Compounded by the fact that few bother to benchmark quantized versions beyond a bare minimum e.g. perplexity/MMLU, to check if they had accidentally scrambled it into gibberish oblivion.
I see two factors working against this kind of thing in any current open-weight models, though:
First, the most popular, most useful, and most powerful of them, DeepSeek V3/R1 & Llama 3/4 & Mistral Small & Qwen & Kimi-K2 etc. are no doubt under close scrutiny, that any unexpected behaviour enabled by quantization or any other seemingly innocuous changes would be quite disastrous for their creators. Imagine the headlines if any one of them is discovered to have had hidden finetunings to such effect as outlined in that paper.
Second, the paper is from 2023, when the state of the art of the open-weight landscape indeed counted among its members the models the authors used in their paper. Take a barely-competent model overfitted to the problem types evaluated, and (to my very limited understanding) quantization would certainly damage their performance on such problems.
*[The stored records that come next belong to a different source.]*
(* Let $A\in\mathbb{R}^{m\times n}$ with $m>n$ be a full-rank standardized matrix with no two distinct rows parallel, let $x\in\mathbb{R}^n$, and let $b=Ax$. Let $x_k$ denote the $k$-th iterate of the two-subspace Kaczmarz method applied to $(A,b)$ from a deterministic starting point $x_0$. Then for every $k\ge 0$, $$\mathbb{E}\|x-x_k\|_2^2\le\left(\left(1-\frac1R\right)^2-\frac{D}{R}\right)^k\|x-x_0\|_2^2,$$ where $D=\min\left\{\frac{\delta^2(1-\delta)}{1+\delta},\frac{\Delta^2(1-\Delta)}{1+\Delta}\right\}$.
   Context: $A\in\mathbb{R}^{m\times n}$ has rows $a_1,\dots,a_m$. It is called standardized if $\|a_i\|_2=1$ for all $i$. ''No two distinct rows parallel'' means $|\langle a_r,a_s\rangle|<1$ for all $r\ne s$. Two-subspace Kaczmarz method for $(A,b)$, $b\in\mathbb{R}^m$: start from $x_0\in\mathbb{R}^n$. For $k=1,2,\dots$, choose an ordered pair $(r,s)$ of distinct indices in $\{1,\dots,m\}$ uniformly at random among the $m^2-m$ such pairs, independently of all previous choices. Then set $\mu_k=\langle a_r,a_s\rangle$, $y_k=x_{k-1}+(b_s-\langle x_{k-1},a_s\rangle)a_s$, $v_k=\frac{a_r-\mu_k a_s}{\sqrt{1-\mu_k^2}}$, $\beta_k=\frac{b_r-b_s\mu_k}{\sqrt{1-\mu_k^2}}$, and $x_k=y_k+(\beta_k-\langle y_k,v_k\rangle)v_k$. Coherence parameters: $\Delta=\max_{j\ne k}|\langle a_j,a_k\rangle|$ and $\delta=\min_{j\ne k}|\langle a_j,a_k\rangle|$. Scaled condition number: $R=\|A\|_F^2\|A^{-1}\|^2$, where $\|A^{-1}\|=\inf\{M: M\|Az\|_2\ge\|z\|_2\ \text{for all } z\}$, i.e. the reciprocal of the smallest singular value of $A$. *)

From Stdlib Require Import Reals Lra Lia.
Open Scope R_scope.

(* Vectors in R^n are functions nat -> R (only indices < n matter);
   an m x n matrix is a function nat -> nat -> R (entries A i j, i < m, j < n). *)

Fixpoint sumR (n : nat) (f : nat -> R) : R :=
  match n with
  | O => 0
  | S k => sumR k f + f k
  end.

Definition dot (n : nat) (u v : nat -> R) : R := sumR n (fun i => u i * v i).
Definition vnorm (n : nat) (u : nat -> R) : R := sqrt (dot n u u).

Definition row (A : nat -> nat -> R) (i : nat) : nat -> R := fun j => A i j.

Definition matvec (n : nat) (A : nat -> nat -> R) (z : nat -> R) : nat -> R :=
  fun i => sumR n (fun j => A i j * z j).

Definition vsub (u v : nat -> R) : nat -> R := fun i => u i - v i.

Definition standardized (m n : nat) (A : nat -> nat -> R) : Prop :=
  forall i, (i < m)%nat -> vnorm n (row A i) = 1.

Definition no_two_rows_parallel (m n : nat) (A : nat -> nat -> R) : Prop :=
  forall r s, (r < m)%nat -> (s < m)%nat -> r <> s ->
    Rabs (dot n (row A r) (row A s)) < 1.

(* full rank for m > n: rank n, i.e. the n columns are linearly independent *)
Definition full_column_rank (m n : nat) (A : nat -> nat -> R) : Prop :=
  forall z : nat -> R,
    (forall i, (i < m)%nat -> matvec n A z i = 0) ->
    forall j, (j < n)%nat -> z j = 0.

Definition frob_sq (m n : nat) (A : nat -> nat -> R) : R :=
  sumR m (fun i => sumR n (fun j => (A i j) ^ 2)).

(* Ainv is ||A^{-1}|| = inf { M : M ||Az|| >= ||z|| for all z } *)
Definition inv_norm_set (m n : nat) (A : nat -> nat -> R) (M : R) : Prop :=
  forall z : nat -> R, M * vnorm m (matvec n A z) >= vnorm n z.

Definition is_inf (P : R -> Prop) (a : R) : Prop :=
  (forall M, P M -> a <= M) /\ (forall b, (forall M, P M -> b <= M) -> b <= a).

Definition is_max_coherence (m n : nat) (A : nat -> nat -> R) (D : R) : Prop :=
  (forall j k, (j < m)%nat -> (k < m)%nat -> j <> k ->
      Rabs (dot n (row A j) (row A k)) <= D) /\
  (exists j k, (j < m)%nat /\ (k < m)%nat /\ j <> k /\
      Rabs (dot n (row A j) (row A k)) = D).

Definition is_min_coherence (m n : nat) (A : nat -> nat -> R) (d : R) : Prop :=
  (forall j k, (j < m)%nat -> (k < m)%nat -> j <> k ->
      d <= Rabs (dot n (row A j) (row A k))) /\
  (exists j k, (j < m)%nat /\ (k < m)%nat /\ j <> k /\
      Rabs (dot n (row A j) (row A k)) = d).

Definition tsk_step (n : nat) (A : nat -> nat -> R) (b : nat -> R)
    (xprev : nat -> R) (r s : nat) : nat -> R :=
  let ar := row A r in
  let as_ := row A s in
  let mu := dot n ar as_ in
  let y := fun i => xprev i + (b s - dot n xprev as_) * as_ i in
  let v := fun i => (ar i - mu * as_ i) / sqrt (1 - mu ^ 2) in
  let beta := (b r - b s * mu) / sqrt (1 - mu ^ 2) in
  fun i => y i + (beta - dot n y v) * v i.

(* Expected value of ||x - x_k||_2^2, where x_k is the k-th iterate started
   from the deterministic x0, and the pairs (r,s), r <> s, are drawn
   independently and uniformly among the m^2 - m ordered pairs.  Computed by
   conditioning on the first pair (exact finite average over all sequences). *)
Fixpoint expected_err (m n : nat) (A : nat -> nat -> R) (b x : nat -> R)
    (k : nat) (x0 : nat -> R) : R :=
  match k with
  | O => (vnorm n (vsub x x0)) ^ 2
  | S k' =>
      / (INR m * INR m - INR m) *
      sumR m (fun r => sumR m (fun s =>
        if Nat.eq_dec r s then 0
        else expected_err m n A b x k' (tsk_step n A b x0 r s)))
  end.

From Stdlib Require Import Reals Lra Lia Psatz.
Open Scope R_scope.

(* Write e = x - x0 and alpha_i = <e, a_i>.  For a pair (r, s) with
   mu = <a_r, a_s>, one step projects e away from a_s and from the unit vector
   v = (a_r - mu a_s) / sqrt(1 - mu^2), so the new error has squared norm
     |e|^2 - alpha_s^2 - (alpha_r - mu alpha_s)^2 / (1 - mu^2)    (tsk_step_error).
   Splitting 1/(1 - mu^2) = 1 + mu^2/(1 - mu^2) and summing over the m^2 - m
   ordered pairs: the first part is the one-subspace error, bounded through
   the lower frame bound lam |z|^2 <= |A z|^2, lam = 1/||A^{-1}||^2; the second
   part, paired over (r, s) and (s, r), gains at least D (alpha_r^2 + alpha_s^2)
   because D <= h(|mu|) with h(t) = t^2 (1 - t)/(1 + t) unimodal.  This gives
   the average one-step contraction by rho = (1 - 1/R)^2 - D/R
   (one_step_contraction), which iterates to rho^k through the recursive
   definition of the expected error (expected_err_geometric). *)

Lemma sumR_ext n f g : (forall i, (i < n)%nat -> f i = g i) -> sumR n f = sumR n g.
Proof.
  induction n as [|n IH]; intros Hfg; simpl; [reflexivity|].
  rewrite IH by (intros; apply Hfg; lia). rewrite Hfg by lia. reflexivity.
Qed.

Lemma sumR_le n f g : (forall i, (i < n)%nat -> f i <= g i) -> sumR n f <= sumR n g.
Proof.
  induction n as [|n IH]; intros Hfg; simpl; [lra|].
  assert (sumR n f <= sumR n g) by (apply IH; intros; apply Hfg; lia).
  assert (f n <= g n) by (apply Hfg; lia). lra.
Qed.

Lemma sumR_plus n f g : sumR n (fun i => f i + g i) = sumR n f + sumR n g.
Proof. induction n; simpl; [ring | rewrite IHn; ring]. Qed.

Lemma sumR_minus n f g : sumR n (fun i => f i - g i) = sumR n f - sumR n g.
Proof. induction n; simpl; [ring | rewrite IHn; ring]. Qed.

Lemma sumR_scal n c f : sumR n (fun i => c * f i) = c * sumR n f.
Proof. induction n; simpl; [ring | rewrite IHn; ring]. Qed.

Lemma sumR_const n c : sumR n (fun _ => c) = INR n * c.
Proof. induction n; [simpl; ring | rewrite S_INR; simpl; rewrite IHn; ring]. Qed.

Lemma sumR_nonneg n f : (forall i, (i < n)%nat -> 0 <= f i) -> 0 <= sumR n f.
Proof.
  intros Hf. rewrite <- (Rmult_0_r (INR n)), <- sumR_const. now apply sumR_le.
Qed.

Lemma sumR_swap m k f :
  sumR m (fun r => sumR k (fun s => f r s)) = sumR k (fun s => sumR m (fun r => f r s)).
Proof.
  induction m; simpl; [rewrite sumR_const; ring | rewrite IHm, <- sumR_plus; reflexivity].
Qed.

Lemma sumR_skip m s f : (s < m)%nat ->
  sumR m (fun r => if Nat.eq_dec r s then 0 else f r) = sumR m f - f s.
Proof.
  induction m as [|m IH]; intros Hs; [lia|]. simpl. destruct (Nat.eq_dec m s) as [->|Hms].
  - rewrite (sumR_ext _ _ f); [ring|].
    intros i Hi. destruct (Nat.eq_dec i s); [lia | reflexivity].
  - rewrite IH by lia. ring.
Qed.

Lemma sumR_sq_eq0 n g : sumR n (fun i => g i * g i) = 0 -> forall i, (i < n)%nat -> g i = 0.
Proof.
  induction n as [|n IH]; simpl; intros Hsum i Hi; [lia|].
  assert (0 <= sumR n (fun i => g i * g i)) by (apply sumR_nonneg; intros; nra).
  destruct (Nat.eq_dec i n) as [->|Hin]; [nra|].
  apply IH; [nra | lia].
Qed.

(* The sum over ordered pairs (r, s) of distinct indices in [0, m),
   i.e. m^2 - m times the average over one step of the method. *)
Definition pairsum (m : nat) (f : nat -> nat -> R) : R :=
  sumR m (fun r => sumR m (fun s => if Nat.eq_dec r s then 0 else f r s)).

Lemma pairsum_le m f g :
  (forall r s, (r < m)%nat -> (s < m)%nat -> r <> s -> f r s <= g r s) ->
  pairsum m f <= pairsum m g.
Proof.
  intros Hfg. apply sumR_le. intros r Hr. apply sumR_le. intros s Hs.
  destruct (Nat.eq_dec r s); [lra | auto].
Qed.

Lemma pairsum_ext m f g :
  (forall r s, (r < m)%nat -> (s < m)%nat -> r <> s -> f r s = g r s) ->
  pairsum m f = pairsum m g.
Proof.
  intros Hfg. apply Rle_antisym; apply pairsum_le; intros; rewrite Hfg; auto; lra.
Qed.

Lemma pairsum_scal m c f : pairsum m (fun r s => c * f r s) = c * pairsum m f.
Proof.
  unfold pairsum. rewrite <- sumR_scal. apply sumR_ext. intros r _.
  rewrite <- sumR_scal. apply sumR_ext. intros s _. destruct (Nat.eq_dec r s); ring.
Qed.

Lemma pairsum_plus m f g : pairsum m (fun r s => f r s + g r s) = pairsum m f + pairsum m g.
Proof.
  unfold pairsum. rewrite <- sumR_plus. apply sumR_ext. intros r _.
  rewrite <- sumR_plus. apply sumR_ext. intros s _. destruct (Nat.eq_dec r s); ring.
Qed.

Lemma pairsum_minus m f g : pairsum m (fun r s => f r s - g r s) = pairsum m f - pairsum m g.
Proof.
  unfold pairsum. rewrite <- sumR_minus. apply sumR_ext. intros r _.
  rewrite <- sumR_minus. apply sumR_ext. intros s _. destruct (Nat.eq_dec r s); ring.
Qed.

Lemma pairsum_by_column m f :
  pairsum m f = sumR m (fun s => sumR m (fun r => f r s) - f s s).
Proof.
  unfold pairsum. rewrite sumR_swap. apply sumR_ext. intros s Hs.
  rewrite <- (sumR_skip m s (fun r => f r s)) by exact Hs. apply sumR_ext. intros r _.
  destruct (Nat.eq_dec r s), (Nat.eq_dec s r); subst; easy.
Qed.

Lemma pairsum_transpose m f : pairsum m f = pairsum m (fun r s => f s r).
Proof.
  unfold pairsum. rewrite sumR_swap. apply sumR_ext. intros r _. apply sumR_ext. intros s _.
  destruct (Nat.eq_dec s r), (Nat.eq_dec r s); subst; easy.
Qed.

Lemma pairsum_marginals m g :
  pairsum m (fun r s => g r + g s) = 2 * (INR m - 1) * sumR m g.
Proof.
  rewrite pairsum_by_column.
  rewrite (sumR_ext _ _ (fun s => sumR m g + (INR m - 2) * g s)).
  - rewrite sumR_plus, sumR_const, sumR_scal. ring.
  - intros s _. rewrite sumR_plus, sumR_const. ring.
Qed.

Lemma pairsum_nonneg m f :
  (forall r s, (r < m)%nat -> (s < m)%nat -> r <> s -> 0 <= f r s) -> 0 <= pairsum m f.
Proof.
  intros Hf. apply sumR_nonneg. intros r Hr. apply sumR_nonneg. intros s Hs.
  destruct (Nat.eq_dec r s); [lra | auto].
Qed.

Lemma dot_ext n u u' v v' : (forall i, (i < n)%nat -> u i = u' i) ->
  (forall i, (i < n)%nat -> v i = v' i) -> dot n u v = dot n u' v'.
Proof. intros Hu Hv. apply sumR_ext. intros i Hi. now rewrite Hu, Hv. Qed.

Lemma dot_comm n u v : dot n u v = dot n v u.
Proof. apply sumR_ext. intros; ring. Qed.

Lemma dot_self_nonneg n u : 0 <= dot n u u.
Proof. apply sumR_nonneg. intros; nra. Qed.

Lemma vnorm_sq n u : vnorm n u ^ 2 = dot n u u.
Proof. apply pow2_sqrt, dot_self_nonneg. Qed.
Current models tended to be more competent in a more useful manner to begin with, possibly reducing the qualitative shift observed, but I would be curious of any result of the same test redone on some current open-weight coding models.
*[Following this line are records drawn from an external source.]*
Fixpoint fmap (A B : Type) (f : A -> B) (g : GRing.formula A) : GRing.formula B :=
  match g with
  | GRing.Bool b => @GRing.Bool B b
  | GRing.Equal t1 t2 => GRing.Equal (tmap f t1) (tmap f t2)
  | GRing.Unit t1 => GRing.Unit (tmap f t1)
  | GRing.And g1 g2 => GRing.And (fmap f g1) (fmap f g2)
  | GRing.Or g1 g2 => GRing.Or (fmap f g1) (fmap f g2)
  | GRing.Implies g1 g2 => GRing.Implies (fmap f g1) (fmap f g2)
  | GRing.Not g1 => GRing.Not (fmap f g1)
  | GRing.Exists n g1 => GRing.Exists n (fmap f g1)
  | GRing.Forall n g1 => GRing.Forall n (fmap f g1)
  end.

Definition ring_formula := GRing.formula Empty_set.

Definition sat (R : unitRingType) (e : seq R) (phi : ring_formula) : Prop :=
  GRing.holds e (fmap (@of_empty R) phi).

Definition elem_equiv_Q (F : fieldType) : Prop :=
  forall phi : ring_formula, sat (R := F) [::] phi <-> sat (R := rat) [::] phi.

Definition defines_Z_in_Q (Zf : ring_formula) : Prop :=
  forall x : rat, sat [:: x] Zf <-> exists z : int, x = z%:~R.

Section StarQ.
Variables (F : fieldType) (Zf : ring_formula).

Definition sZ (x : F) : Prop := sat [:: x] Zf.

Definition sN (x : F) : Prop :=
  exists a b c d, [/\ sZ a, sZ b, sZ c & sZ d] /\
                  x = a ^+ 2 + b ^+ 2 + c ^+ 2 + d ^+ 2.

Definition sdvd (x y : F) : Prop :=
  sZ x /\ sZ y /\ exists z, sZ z /\ z != 0 /\ y = z * x.

Definition sprime (p : F) : Prop :=
  sN p /\ p != 1 /\
  forall d, sZ d -> sdvd d p -> d = 1 \/ d = -1 \/ d = p \/ d = - p.

Definition spowN (p y : F) : Prop :=
  sN y /\ (y = 1 \/ forall z, sN z -> z != 1 -> z != -1 -> sdvd z y -> sdvd p z).

Definition dpZ (p x : F) : F :=
  epsilon (inhabits 0) (fun y => spowN p y /\ sdvd y x /\ ~ sdvd (p * y) x).

Definition dp (p a : F) : F :=
  let ab := epsilon (inhabits (0, 0))
              (fun ab : F * F => [/\ sZ ab.1, sZ ab.2, ab.1 != 0, ab.2 != 0
                                  & a = ab.1 / ab.2]) in
  dpZ p ab.1 / dpZ p ab.2.

Definition slt (x y : F) : Prop :=
  exists a1 b1 a2 b2,
    [/\ sZ a1, sZ a2, sN b1 /\ b1 != 0, sN b2 /\ b2 != 0 &
        x = a1 / b1 /\ y = a2 / b2] /\
    sN (a2 * b1 - a1 * b2) /\ x != y.

End StarQ.

From Pilot Require Import Defs.
From HB Require Import structures.
From mathcomp Require Import all_boot all_order all_algebra.
From mathcomp Require Import zify ring lra.
From Stdlib Require Import ClassicalEpsilon Morphisms_Prop.
Set Implicit Arguments. Unset Strict Implicit. Unset Printing Implicit Defensive.
Import Order.TTheory GRing.Theory Num.Theory.
Local Open Scope ring_scope.

(* Each direction of the equivalence, together with the facts that make d_p
   meaningful, is a first-order property of *Q in the ring language once *Z is
   given by Z(x): nonzero squares are positive, every element is a quotient of
   nonzero elements of *Z, d_p(x) exists for every *prime p and nonzero x in *Z,
   and two such quotients with equal d_p for every *prime p and positive product
   coincide.  Written as sentences, these transfer from Q, where *N = N by
   Lagrange's four-square theorem, the nonzero *primes are the primes, d_p(x) is
   p^(v_p x), the order is the usual one, and the last property is unique
   factorisation together with the sign. *)

(** * Lagrange's four-square theorem *)

Definition sqsum4 (R : pzSemiRingType) (a b c d : R) : R := a ^+ 2 + b ^+ 2 + c ^+ 2 + d ^+ 2.

Lemma euler_four_squares (R : comPzRingType) (a1 a2 a3 a4 b1 b2 b3 b4 : R) :
  sqsum4 a1 a2 a3 a4 * sqsum4 b1 b2 b3 b4 =
  sqsum4 (a1 * b1 + a2 * b2 + a3 * b3 + a4 * b4) (a1 * b2 - a2 * b1 + a3 * b4 - a4 * b3)
         (a1 * b3 - a3 * b1 + a4 * b2 - a2 * b4) (a1 * b4 - a4 * b1 + a2 * b3 - a3 * b2).
Proof. rewrite /sqsum4; ring. Qed.

Lemma sqsum4_ge0 (a b c d : int) : 0 <= sqsum4 a b c d.
Proof. by rewrite /sqsum4 !addr_ge0 ?sqr_ge0. Qed.

Lemma prime_neq_mul (p : nat) (M s : int) : prime p -> 1 < M < p%:Z -> p%:Z <> M * s.
Proof.
move=> pp /andP[M_gt1 M_ltp] hs.
have M_dvd_p : (`|M| %| `|p%:Z|)%N by rewrite -dvdzE; apply/dvdzP; exists s; lia.
have M_ne1 : `|M|%N != 1%N by lia.
by move: M_dvd_p => /(prime_nt_dvdP pp M_ne1); lia.
Qed.

Lemma centered_residue (M x : int) : 0 < M ->
  exists y t, [/\ x = y + M * t, 4 * y ^+ 2 <= M ^+ 2 & 4 * y ^+ 2 = M ^+ 2 -> M = 2 * y].
Proof.
move=> M_gt0; pose k := ((M - 1) %/ 2)%Z.
have hk : 2 * k + 1 <= M <= 2 * k + 2 by rewrite /k; lia.
exists (modz (x + k) M - k), (divz (x + k) M).
have := divz_eq (x + k) M; have := @modz_ge0 (x + k) M (lt0r_neq0 M_gt0).
have := ltz_pmod (x + k) M_gt0.
move: (divz (x + k) M) (modz (x + k) M) => t r r_ltM r_ge0 ex.
have -> : 4 * (r - k) ^+ 2 = M ^+ 2 - (M - 2 * (r - k)) * (M + 2 * (r - k)) by ring.
have h1 : 0 <= M - 2 * (r - k) by lia.
have h2 : 0 <= M + 2 * (r - k) by lia.
split; first lia.
- by rewrite gerBl mulr_ge0.
- move/eqP; rewrite subr_eq addrC -subr_eq subrr eq_sym mulf_eq0; lia.
Qed.

Lemma sqsum4_eq0 (a b c d : int) : sqsum4 a b c d = 0 -> [/\ a = 0, b = 0, c = 0 & d = 0].
Proof.
rewrite /sqsum4 => h; have := sqr_ge0 a; have := sqr_ge0 b; have := sqr_ge0 c.
have := sqr_ge0 d; have sq0 (z : int) : z ^+ 2 = 0 -> z = 0 by move/eqP; rewrite sqrf_eq0 => /eqP.
by split; apply: sq0; lia.
Qed.

Lemma euler_four_squares_residue (R : comPzRingType) (M r y1 y2 y3 y4 t1 t2 t3 t4 : R) :
  sqsum4 y1 y2 y3 y4 = M * r ->
  sqsum4 (y1 + M * t1) (y2 + M * t2) (y3 + M * t3) (y4 + M * t4) * sqsum4 y1 y2 y3 y4 =
  M ^+ 2 * sqsum4 (r + (t1 * y1 + t2 * y2 + t3 * y3 + t4 * y4))
    (t1 * y2 - t2 * y1 + t3 * y4 - t4 * y3) (t1 * y3 - t3 * y1 + t4 * y2 - t2 * y4)
    (t1 * y4 - t4 * y1 + t2 * y3 - t3 * y2).
Proof.
move=> hr; transitivity (sqsum4 (sqsum4 y1 y2 y3 y4 + M * (t1 * y1 + t2 * y2 + t3 * y3 + t4 * y4))
  (M * (t1 * y2 - t2 * y1 + t3 * y4 - t4 * y3)) (M * (t1 * y3 - t3 * y1 + t4 * y2 - t2 * y4))
  (M * (t1 * y4 - t4 * y1 + t2 * y3 - t3 * y2))).
  by rewrite euler_four_squares /sqsum4; ring.
by rewrite hr /sqsum4; ring.
Qed.

Lemma four_squares_descent (p : nat) (M x1 x2 x3 x4 : int) :
  prime p -> 1 < M < p%:Z -> sqsum4 x1 x2 x3 x4 = M * p%:Z ->
  exists r w1 w2 w3 w4, 0 < r < M /\ sqsum4 w1 w2 w3 w4 = r * p%:Z.
Proof.
move=> pp M_bnd hx; have M_gt0 : 0 < M by lia.
have [y1 [t1 [e1 b1 c1]]] := centered_residue x1 M_gt0.
have [y2 [t2 [e2 b2 c2]]] := centered_residue x2 M_gt0.
have [y3 [t3 [e3 b3 c3]]] := centered_residue x3 M_gt0.
have [y4 [t4 [e4 b4 c4]]] := centered_residue x4 M_gt0.
have [r hr] : exists r, sqsum4 y1 y2 y3 y4 = M * r.
  exists (p%:Z - 2 * (x1 * t1 + x2 * t2 + x3 * t3 + x4 * t4) + M * sqsum4 t1 t2 t3 t4).
  have -> : sqsum4 y1 y2 y3 y4 = sqsum4 x1 x2 x3 x4
      - M * (2 * (x1 * t1 + x2 * t2 + x3 * t3 + x4 * t4) - M * sqsum4 t1 t2 t3 t4).
    by rewrite e1 e2 e3 e4 /sqsum4; ring.
  by rewrite hx; ring.
have r_ge0 : 0 <= r by rewrite -(pmulr_rge0 _ M_gt0) -hr sqsum4_ge0.
have r_le_M : r <= M.
  by rewrite -(ler_pM2l M_gt0) -hr /sqsum4 -expr2; clear -b1 b2 b3 b4; lia.
have r_neq0 : r != 0.
  apply/eqP=> r0; move: hr; rewrite r0 mulr0 => /sqsum4_eq0[y10 y20 y30 y40].
  apply: (prime_neq_mul (s := sqsum4 t1 t2 t3 t4) pp M_bnd).
  apply: (mulfI (lt0r_neq0 M_gt0)); rewrite -hx e1 e2 e3 e4 y10 y20 y30 y40 /sqsum4; ring.
have r_neqM : r != M.
  apply/eqP=> rM; move: hr; rewrite rM /sqsum4 -expr2 => hr.
  have [{}c1 {}c2 {}c3 {}c4] : [/\ M = 2 * y1, M = 2 * y2, M = 2 * y3 & M = 2 * y4].
    by split; [apply: c1 | apply: c2 | apply: c3 | apply: c4]; clear -hr b1 b2 b3 b4; lia.
  pose s := 1 + t1 * (t1 + 1) + t2 * (t2 + 1) + t3 * (t3 + 1) + t4 * (t4 + 1).
  apply: (prime_neq_mul (s := s) pp M_bnd).
  apply: (mulfI (lt0r_neq0 M_gt0)); rewrite -hx e1 e2 e3 e4.
  have -> : y2 = y1 by clear -c1 c2; lia.
  have -> : y3 = y1 by clear -c1 c3; lia.
  have -> : y4 = y1 by clear -c1 c4; lia.
  by rewrite c1 /sqsum4 /s; ring.
have := euler_four_squares_residue t1 t2 t3 t4 hr; rewrite -e1 -e2 -e3 -e4 hx hr => euler.
eexists r, _, _, _, _; split; first by clear -r_ge0 r_neq0 r_le_M r_neqM; lia.
by apply: (mulfI (expf_neq0 2 (lt0r_neq0 M_gt0))); apply: etrans (esym euler) _; ring.
Qed.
Either way, running unquantized, in the case of DeepSeek-V3-0324 671 billion parameters, mostly in fp8, would be entirely out of question for the OP and their performance specifications, while quantization may at least bring it into the realm of possibility.
It’s possible I missed it but I didn’t see any latency or token rate requirements. Which means you can scale it across the time axis. Each user might only get 0.05 token/s but it would work.
But yes, @ethann OP might want to specify that as well. Requirements for chatbot-like interactive usage, RAG-backed content generation, and code completion are vastly different, mostly due to differences in prompt size and latency sensitivity.
Realistically speaking for new hardware (presumably with academic discounts) to get the most RTX PRO 6000s you can get. Personally, I would put them in a 2 X EPYC 9004/9005 system w/ 24 channels of DDR5 (1TB+ ideally, but whatever you can fit in after GPU cost). If you can fit 8X RTX Pro 6000s then you can run decent quants w/ SGLang or vLLM, which would be your top option for concurrency. (This would fit in your budget even without discounts.)
Your other options are potentially a DGX Station - 288GB of fast HBM, another 496 GB of “decent” speed DDR5X (396GB/s) and should be in your budget but these don’t come out for another few months. And some vendors like Exxactcorp are still selling old MI250’s. I normally wouldn’t recommend it, but with an academic discount and 128GB HBM 2e/module, it might be worth chasing down a quote just to compare.